*WHAT THE TASK REQUIRES:* Use the entries below and reproduce exactly the lines from the one containing "case: fork => abund _ _ Sr _ Sx xr." down to the one containing "move=> uv [_", both of them included.

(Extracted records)
==*==

(* Every ice fork with exactly two frozen vertices is a brog quiver.
   Context: A quiver is a finite directed multigraph with no loops and no oriented 2-cycles, whose vertex set is partitioned into mutable and frozen vertices; arrows between two frozen vertices are ignored. $b_{ik}$ = number of arrows $i\to k$ minus number of arrows $k\to i$; mutable vertices are labelled $[n]$; $Q|_S$ is the induced subquiver on $S$. Abundant: at least 2 arrows between every pair of vertices at least one of which is mutable. $F^+(r)=\{i: r\to i\}$, $F^-(r)=\{j:j\to r\}$. A fork is an abundant non-acyclic quiver with at most one frozen vertex and a vertex $r$ (point of return) such that $b_{ij}>b_{ri}$ and $b_{ij}>b_{jr}$ for all $i\in F^+(r),j\in F^-(r)$, and the subquivers induced on $F^+(r)$ and $F^-(r)$ are acyclic. An ice fork with point of return $r$ is a quiver with mutable vertices $[n]$ and frozen vertices $u_1,\dots,u_m$ ($m\ge1$) such that each $Q|_{[n]\cup\{u_i\}}$ is a fork with point of return $r$. A mutable vertex adjacent to at least one frozen vertex is red (resp. green) if all arrows between it and frozen vertices point towards (resp. away from) it. Two mutable vertices $i,j$ are complementary if for every frozen vertex $u$ with $b_{iu}\ne0$ and $b_{ju}\ne0$, $b_{iu}$ and $b_{ju}$ have opposite signs. A quiver is brog if its mutable vertices can be coloured blue, red, orange and green such that: (1) the vertices coloured red are exactly the red vertices; (2) the vertices coloured green are exactly the green vertices; (3) each blue vertex $i$ has $b_{ij}\ge0$ for every red $j$ and $b_{ij}\le0$ for every green $j$; (4) each orange vertex $i$ has $b_{ij}\ge0$ for every green $j$ and $b_{ij}\le0$ for every red $j$; (5) every blue vertex and every orange vertex are complementary. *)

From mathcomp Require Import all_boot all_order all_algebra.
Set Implicit Arguments. Unset Strict Implicit. Unset Printing Implicit Defensive.
Import Order.TTheory GRing.Theory Num.Theory.
Local Open Scope ring_scope.

(* Vertices: mutable vertices 'I_n (the paper's [n]) and frozen vertices 'I_m. *)
Definition vert (n m : nat) : finType := ('I_n + 'I_m)%type.

Definition mutableb {n m} (x : vert n m) : bool := if x is inl _ then true else false.
Definition frozenb {n m} (x : vert n m) : bool := ~~ mutableb x.

(* A quiver is given by its arrow counts: a x y = number of arrows x -> y. *)
Definition is_quiver {n m} (a : vert n m -> vert n m -> nat) : Prop :=
  (forall x, a x x = 0%N) /\ (forall x y, a x y = 0%N \/ a y x = 0%N).

Definition bmat {n m} (a : vert n m -> vert n m -> nat) (x y : vert n m) : int :=
  (a x y)%:Z - (a y x)%:Z.

Definition arr {n m} (a : vert n m -> vert n m -> nat) : rel (vert n m) :=
  fun x y => (0 < bmat a x y) && (mutableb x || mutableb y).

Definition has_cycle_on {n m} (a : vert n m -> vert n m -> nat) (S : pred (vert n m)) : Prop :=
  exists (x : vert n m) (s : seq (vert n m)), all S (x :: s) /\ cycle (arr a) (x :: s).

Definition acyclic_on {n m} (a : vert n m -> vert n m -> nat) (S : pred (vert n m)) : Prop :=
  ~ has_cycle_on a S.

Definition abundant_on {n m} (a : vert n m -> vert n m -> nat) (S : pred (vert n m)) : Prop :=
  forall x y, S x -> S y -> x != y -> (mutableb x || mutableb y) -> 2 <= `|bmat a x y|.

Definition Fplus {n m} (a : vert n m -> vert n m -> nat) (S : pred (vert n m)) (r : vert n m)
  : pred (vert n m) := fun i => S i && arr a r i.
Definition Fminus {n m} (a : vert n m -> vert n m -> nat) (S : pred (vert n m)) (r : vert n m)
  : pred (vert n m) := fun j => S j && arr a j r.

Definition is_fork_on {n m} (a : vert n m -> vert n m -> nat) (S : pred (vert n m)) (r : vert n m)
  : Prop :=
  [/\ abundant_on a S,
      has_cycle_on a S,
      (#|[pred x | S x && frozenb x]| <= 1)%N,
      S r
    & [/\ (forall i j, Fplus a S r i -> Fminus a S r j ->
            bmat a r i < bmat a i j /\ bmat a j r < bmat a i j),
        acyclic_on a (Fplus a S r)
      & acyclic_on a (Fminus a S r)]].

Definition is_ice_fork {n m} (a : vert n m -> vert n m -> nat) (r : vert n m) : Prop :=
  (1 <= m)%N /\
  forall u : 'I_m, is_fork_on a (fun x => mutableb x || (x == inr u)) r.

Definition is_red {n m} (a : vert n m -> vert n m -> nat) (i : 'I_n) : Prop :=
  (exists u : 'I_m, bmat a (inl i) (inr u) != 0) /\
  (forall u : 'I_m, bmat a (inl i) (inr u) <= 0).
Definition is_green {n m} (a : vert n m -> vert n m -> nat) (i : 'I_n) : Prop :=
  (exists u : 'I_m, bmat a (inl i) (inr u) != 0) /\
  (forall u : 'I_m, 0 <= bmat a (inl i) (inr u)).

Definition complementary {n m} (a : vert n m -> vert n m -> nat) (i j : 'I_n) : Prop :=
  forall u : 'I_m, bmat a (inl i) (inr u) != 0 -> bmat a (inl j) (inr u) != 0 ->
    bmat a (inl i) (inr u) * bmat a (inl j) (inr u) < 0.

Inductive colour := Blue | Red | Orange | Green.

Definition is_brog {n m} (a : vert n m -> vert n m -> nat) : Prop :=
  exists c : 'I_n -> colour,
    [/\ (forall i, c i = Red <-> is_red a i),
        (forall i, c i = Green <-> is_green a i),
        (forall i j, c i = Blue -> (c j = Red -> 0 <= bmat a (inl i) (inl j))
                                /\ (c j = Green -> bmat a (inl i) (inl j) <= 0)),
        (forall i j, c i = Orange -> (c j = Green -> 0 <= bmat a (inl i) (inl j))
                                /\ (c j = Red -> bmat a (inl i) (inl j) <= 0))
      & (forall i j, c i = Blue -> c j = Orange -> complementary a i j)].

From mathcomp Require Import all_boot all_order all_algebra.
From mathcomp Require Import zify.
(* The point of return r lies in both forks Q|_{[n] u {u_k}}, so it is mutable, and
   abundance makes every mutable vertex adjacent to both frozen vertices: it is red,
   green, or mixed (one arrow to and one arrow from the frozen vertices). Colour the
   mixed vertex r orange and the other mixed vertices blue. In a fork every vertex
   other than r lies in F^+(r) or F^-(r), and arrows between the two go from F^+ to
   F^-; since both are acyclic, no oriented 3-cycle avoids r. Each sign condition of
   a brog quiver fails only through such a 3-cycle passing through a frozen vertex, or
   through an arrow from F^- to F^+. Finally, with two frozen vertices, two mixed
   vertices are complementary as soon as their signs differ at one frozen vertex. *)

Set Implicit Arguments. Unset Strict Implicit. Unset Printing Implicit Defensive.
Import Order.TTheory GRing.Theory Num.Theory.
Local Open Scope ring_scope.

Section Forks.
Variables (n m : nat) (a : vert n m -> vert n m -> nat).

Lemma bmatC x y : bmat a x y = - bmat a y x.
Proof. by rewrite /bmat opprB. Qed.

Variables (S : pred (vert n m)) (r : vert n m).
Hypotheses (fork : is_fork_on a S r) (r_mutable : mutableb r).

Lemma fork_side x : S x -> x != r -> 0 < bmat a r x \/ 0 < bmat a x r.
Proof.
case: fork => abund _ _ Sr _ Sx xr.
have := abund x r Sx Sr xr; rewrite r_mutable orbT => /(_ isT).
rewrite /bmat; lia.
Qed.

(* b_{yx} > b_{ry} > 0 for y in F^+(r) and x in F^-(r). *)
Lemma fork_cross x y : S x -> S y -> 0 < bmat a r y -> 0 < bmat a x r -> 0 < bmat a y x.
Proof.
case: fork => _ _ _ _ [sep _ _] Sx Sy ry xr.
have Fy : Fplus a S r y by rewrite /Fplus Sy /arr ry r_mutable.
have Fx : Fminus a S r x by rewrite /Fminus Sx /arr xr r_mutable orbT.
have [ry_lt _] := sep y x Fy Fx.
exact: lt_trans ry ry_lt.
Qed.

Lemma fork_no_3cycle x y z : mutableb x -> mutableb z -> S x -> S y -> S z ->
  x != r -> y != r -> z != r ->
  0 < bmat a x y -> 0 < bmat a y z -> 0 < bmat a z x -> False.
Proof.
move=> mx mz Sx Sy Sz xr yr zr xy yz zx.
have [_ _ _ _ [_ acyc_plus acyc_minus]] := fork.
have asym p q : 0 < bmat a p q -> 0 < bmat a q p -> False by rewrite /bmat; lia.
have [rx|xr'] := fork_side Sx xr; have [ry|yr'] := fork_side Sy yr;
  have [rz|zr'] := fork_side Sz zr.
- apply: acyc_plus; exists x, [:: y; z].
  by rewrite /= /Fplus Sx Sy Sz /arr rx ry rz xy yz zx r_mutable mx mz !orbT.
- exact: asym _ _ (fork_cross Sz Sx rx zr') zx.
- exact: asym _ _ (fork_cross Sy Sz rz yr') yz.
- exact: asym _ _ (fork_cross Sz Sx rx zr') zx.
- exact: asym _ _ (fork_cross Sx Sy ry xr') xy.
- exact: asym _ _ (fork_cross Sx Sy ry xr') xy.
- exact: asym _ _ (fork_cross Sy Sz rz yr') yz.
- apply: acyc_minus; exists x, [:: y; z].
  by rewrite /= /Fminus Sx Sy Sz /arr xr' yr' zr' xy yz zx r_mutable mx mz !orbT.
Qed.

End Forks.

Definition mutable_with {n m} (u : 'I_m) : pred (vert n m) :=
  fun x => mutableb x || (x == inr u).

Lemma fork_return_mutable n m (a : vert n m -> vert n m -> nat) r (u v : 'I_m) :
  u != v -> is_fork_on a (mutable_with u) r -> is_fork_on a (mutable_with v) r ->
  mutableb r.
Proof.
move=> uv [_ _ _ ru _] [_ _ _ rv _]; case: r ru rv => //= w /eqP[->] /eqP[wv].
by rewrite wv eqxx in uv.
Qed.

Section IceFork.
Variables (n m : nat) (a : vert n m.+1 -> vert n m.+1 -> nat) (r : 'I_n).
Hypothesis fork : forall u, is_fork_on a (mutable_with u) (inl r).

Lemma mutable_with_frozen (u : 'I_m.+1) : mutable_with (n := n) u (inr u).
Proof. by rewrite /mutable_with eqxx. Qed.

Lemma ice_fork_frozen_adj i u : bmat a (inl i) (inr u) != 0.
Proof.
have [abund _ _ _ _] := fork u.
have := abund (inl i) (inr u) isT (mutable_with_frozen u) isT isT.
rewrite /bmat; lia.
Qed.

Definition redb i := [forall u, bmat a (inl i) (inr u) < 0].
Definition greenb i := [forall u, 0 < bmat a (inl i) (inr u)].

Lemma redP i : is_red a i <-> redb i.
Proof.
split=> [[_ neg]|/forallP neg].
  by apply/forallP=> u; rewrite lt_neqAle ice_fork_frozen_adj neg.
by split=> [|u]; [exists ord0; exact: ltr0_neq0|exact: ltW].
Qed.

Lemma greenP i : is_green a i <-> greenb i.
Proof.
split=> [[_ pos]|/forallP pos].
  by apply/forallP=> u; rewrite lt_neqAle eq_sym ice_fork_frozen_adj pos.
by split=> [|u]; [exists ord0; exact: lt0r_neq0|exact: ltW].
Qed.

Lemma not_redb i : ~~ redb i -> exists u, 0 < bmat a (inl i) (inr u).
Proof.
rewrite negb_forall => /existsP[u nneg]; exists u.
by have := ice_fork_frozen_adj i u; lia.
Qed.

Lemma not_greenb i : ~~ greenb i -> exists u, bmat a (inl i) (inr u) < 0.
Proof.
rewrite negb_forall => /existsP[u npos]; exists u.
by have := ice_fork_frozen_adj i u; lia.
Qed.

Lemma redb_not_greenb i : redb i -> ~~ greenb i.
Proof.
move=> /forallP /(_ ord0) neg; apply/negP => /forallP /(_ ord0).
by rewrite ltNge (ltW neg).
Qed.

Lemma blue_red_ge0 i j : i != r -> ~~ redb i -> ~~ greenb i -> redb j ->
  0 <= bmat a (inl i) (inl j).
Proof.
move=> ir nred ngreen /forallP jred; rewrite leNgt bmatC oppr_lt0; apply/negP => ji.
have [jr|jr] := eqVneq j r.
  subst j; move/negP: ngreen; apply; apply/forallP => u.
  have ur : 0 < bmat a (inr u) (inl r) by rewrite bmatC oppr_gt0.
  exact: (fork_cross (fork u) isT (y := inl i) (mutable_with_frozen u) isT ji ur).
have [k ik] := not_redb nred.
apply: (fork_no_3cycle (fork k) isT (x := inl i) (z := inl j) isT isT isT
  (mutable_with_frozen k) isT _ _ _ ik _ ji) => //.
by rewrite bmatC oppr_gt0.
Qed.

Lemma blue_green_le0 i j : i != r -> ~~ redb i -> ~~ greenb i -> greenb j ->
  bmat a (inl i) (inl j) <= 0.
Proof.
move=> ir nred ngreen /forallP jgreen; rewrite leNgt; apply/negP => ij.
have [jr|jr] := eqVneq j r.
  subst j; move/negP: nred; apply; apply/forallP => u; rewrite -oppr_gt0 -bmatC.
  exact: (fork_cross (fork u) isT (x := inl i) isT (mutable_with_frozen u) (jgreen u) ij).
have [l li] := not_greenb ngreen.
apply: (fork_no_3cycle (fork l) isT (x := inl j) (z := inl i) isT isT isT
  (mutable_with_frozen l) isT _ _ _ (jgreen l) _ ij) => //.
by rewrite bmatC oppr_gt0.
Qed.

Lemma orange_green_ge0 j : ~~ redb r -> greenb j -> 0 <= bmat a (inl r) (inl j).
Proof.
move=> nred /forallP jgreen; rewrite leNgt bmatC oppr_lt0; apply/negP => jr.
have [k rk] := not_redb nred.
have := fork_cross (fork k) isT (x := inl j) isT (mutable_with_frozen k) rk jr.
by rewrite bmatC oppr_gt0 ltNge (ltW (jgreen k)).
Qed.

Lemma orange_red_le0 j : ~~ greenb r -> redb j -> bmat a (inl r) (inl j) <= 0.
Proof.
move=> ngreen /forallP jred; rewrite leNgt; apply/negP => rj.
have [l rl] := not_greenb ngreen.
have lr : 0 < bmat a (inr l) (inl r) by rewrite bmatC oppr_gt0.
have := fork_cross (fork l) isT (y := inl j) (mutable_with_frozen l) isT rj lr.
by rewrite ltNge (ltW (jred l)).
Qed.

Lemma frozen_sign_differs i : i != r -> ~~ redb r -> ~~ greenb r ->
  exists u, bmat a (inl i) (inr u) * bmat a (inl r) (inr u) < 0.
Proof.
move=> ir nred ngreen.
have [ri|ir'] := fork_side (fork ord0) isT (x := inl i) isT ir.
  have [w rw] := not_greenb ngreen; exists w.
  have wr : 0 < bmat a (inr w) (inl r) by rewrite bmatC oppr_gt0.
  have iw := fork_cross (fork w) isT (y := inl i) (mutable_with_frozen w) isT ri wr.
  by rewrite pmulr_rlt0.
have [w rw] := not_redb nred; exists w.
have := fork_cross (fork w) isT (x := inl i) isT (mutable_with_frozen w) rw ir'.
by rewrite bmatC oppr_gt0 => wi; rewrite nmulr_rlt0.
Qed.

Definition ice_colouring i : colour :=
  if redb i then Red else if greenb i then Green else if i == r then Orange else Blue.

Lemma ice_colouring_Red i : ice_colouring i = Red <-> redb i.
Proof.
rewrite /ice_colouring; case: redb; split=> //.
by case: greenb => //; case: eqP.
Qed.

Lemma ice_colouring_Green i : ice_colouring i = Green <-> greenb i.
Proof.
rewrite /ice_colouring; case Ri: (redb i).
  by rewrite (negbTE (redb_not_greenb Ri)).
by case: greenb; split=> //; case: eqP.
Qed.

Lemma ice_colouring_Blue i :
  ice_colouring i = Blue -> [/\ i != r, ~~ redb i & ~~ greenb i].
Proof. by rewrite /ice_colouring; case: redb => //; case: greenb => //; case: eqP. Qed.

Lemma ice_colouring_Orange i :
  ice_colouring i = Orange -> [/\ i = r, ~~ redb r & ~~ greenb r].
Proof. by rewrite /ice_colouring; case: eqP => [->|_]; case: redb; case: greenb. Qed.

End IceFork.

Section TwoFrozen.
Variables (n : nat) (a : vert n 2 -> vert n 2 -> nat) (r : 'I_n).
Hypothesis fork : forall u, is_fork_on a (mutable_with u) (inl r).

Lemma ord2_cases (u w v : 'I_2) : u != w -> v = u \/ v = w.
Proof.
move=> uw; have [|vu] := eqVneq v u; [by left|right].
apply/val_inj/eqP; move: uw vu; rewrite -!(inj_eq val_inj) /=.
by have := ltn_ord u; have := ltn_ord w; have := ltn_ord v; lia.
Qed.

Lemma mixed2_sign i u w : ~~ redb a i -> ~~ greenb a i -> u != w ->
  bmat a (inl i) (inr u) * bmat a (inl i) (inr w) < 0.
Proof.
move=> nred ngreen uw.
have [k ik] := not_redb fork nred; have [l il] := not_greenb fork ngreen.
case: (ord2_cases k uw) => -> in ik; case: (ord2_cases l uw) => -> in il;
  move: ik il; set x := bmat a _ (inr u); set y := bmat a _ (inr w); nia.
Qed.

Lemma complementary_mixed2 i j w :
  ~~ redb a i -> ~~ greenb a i -> ~~ redb a j -> ~~ greenb a j ->
  bmat a (inl i) (inr w) * bmat a (inl j) (inr w) < 0 -> complementary a i j.
Proof.
move=> nri ngi nrj ngj ijw u _ _; have [->//|uw] := eqVneq u w.
have := mixed2_sign nri ngi uw; have := mixed2_sign nrj ngj uw; move: ijw.
set iu := bmat a (inl i) (inr u); set iw := bmat a (inl i) (inr w).
set ju := bmat a (inl j) (inr u); set jw := bmat a (inl j) (inr w).
nia.
Qed.

Lemma ice_fork2_brog : is_brog a.
Proof.
exists (ice_colouring a r); split=> [i|i|i j|i j|i j].
- by rewrite ice_colouring_Red (redP fork).
- by rewrite ice_colouring_Green (greenP fork).
- move=> /ice_colouring_Blue[ir nri ngi].
  split=> [/ice_colouring_Red|/ice_colouring_Green].
  + exact: (blue_red_ge0 fork ir nri ngi).
  + exact: (blue_green_le0 fork ir nri ngi).
- move=> /ice_colouring_Orange[-> nrr ngr].
  split=> [/ice_colouring_Green|/ice_colouring_Red].
  + exact: (orange_green_ge0 fork nrr).
  + exact: (orange_red_le0 fork ngr).
- move=> /ice_colouring_Blue[ir nri ngi] /ice_colouring_Orange[-> nrr ngr].
  have [w iw] := frozen_sign_differs fork ir nrr ngr.
  exact: (complementary_mixed2 nri ngi nrr ngr iw).
Qed.

End TwoFrozen.

Theorem mainTheorem12 (n : nat) (a : vert n 2 -> vert n 2 -> nat) (r : vert n 2) :
  is_quiver a -> is_ice_fork a r -> is_brog a.
Proof.
move=> _ [_ fork].
have : mutableb r := fork_return_mutable (u := 0) (v := 1) isT (fork 0) (fork 1).
by case: r fork => // r fork _; exact: ice_fork2_brog fork.
Qed.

==*==

*YOUR RESPONSE:*
case: fork => abund _ _ Sr _ Sx xr.
have := abund x r Sx Sr xr; rewrite r_mutable orbT => /(_ isT).
rewrite /bmat; lia.
Qed.

(* b_{yx} > b_{ry} > 0 for y in F^+(r) and x in F^-(r). *)
Lemma fork_cross x y : S x -> S y -> 0 < bmat a r y -> 0 < bmat a x r -> 0 < bmat a y x.
Proof.
case: fork => _ _ _ _ [sep _ _] Sx Sy ry xr.
have Fy : Fplus a S r y by rewrite /Fplus Sy /arr ry r_mutable.
have Fx : Fminus a S r x by rewrite /Fminus Sx /arr xr r_mutable orbT.
have [ry_lt _] := sep y x Fy Fx.
exact: lt_trans ry ry_lt.
Qed.

Lemma fork_no_3cycle x y z : mutableb x -> mutableb z -> S x -> S y -> S z ->
  x != r -> y != r -> z != r ->
  0 < bmat a x y -> 0 < bmat a y z -> 0 < bmat a z x -> False.
Proof.
move=> mx mz Sx Sy Sz xr yr zr xy yz zx.
have [_ _ _ _ [_ acyc_plus acyc_minus]] := fork.
have asym p q : 0 < bmat a p q -> 0 < bmat a q p -> False by rewrite /bmat; lia.
have [rx|xr'] := fork_side Sx xr; have [ry|yr'] := fork_side Sy yr;
  have [rz|zr'] := fork_side Sz zr.
- apply: acyc_plus; exists x, [:: y; z].
  by rewrite /= /Fplus Sx Sy Sz /arr rx ry rz xy yz zx r_mutable mx mz !orbT.
- exact: asym _ _ (fork_cross Sz Sx rx zr') zx.
- exact: asym _ _ (fork_cross Sy Sz rz yr') yz.
- exact: asym _ _ (fork_cross Sz Sx rx zr') zx.
- exact: asym _ _ (fork_cross Sx Sy ry xr') xy.
- exact: asym _ _ (fork_cross Sx Sy ry xr') xy.
- exact: asym _ _ (fork_cross Sy Sz rz yr') yz.
- apply: acyc_minus; exists x, [:: y; z].
  by rewrite /= /Fminus Sx Sy Sz /arr xr' yr' zr' xy yz zx r_mutable mx mz !orbT.
Qed.

End Forks.

Definition mutable_with {n m} (u : 'I_m) : pred (vert n m) :=
  fun x => mutableb x || (x == inr u).

Lemma fork_return_mutable n m (a : vert n m -> vert n m -> nat) r (u v : 'I_m) :
  u != v -> is_fork_on a (mutable_with u) r -> is_fork_on a (mutable_with v) r ->
  mutableb r.
Proof.
move=> uv [_ _ _ ru _] [_ _ _ rv _]; case: r ru rv => //= w /eqP[->] /eqP[wv].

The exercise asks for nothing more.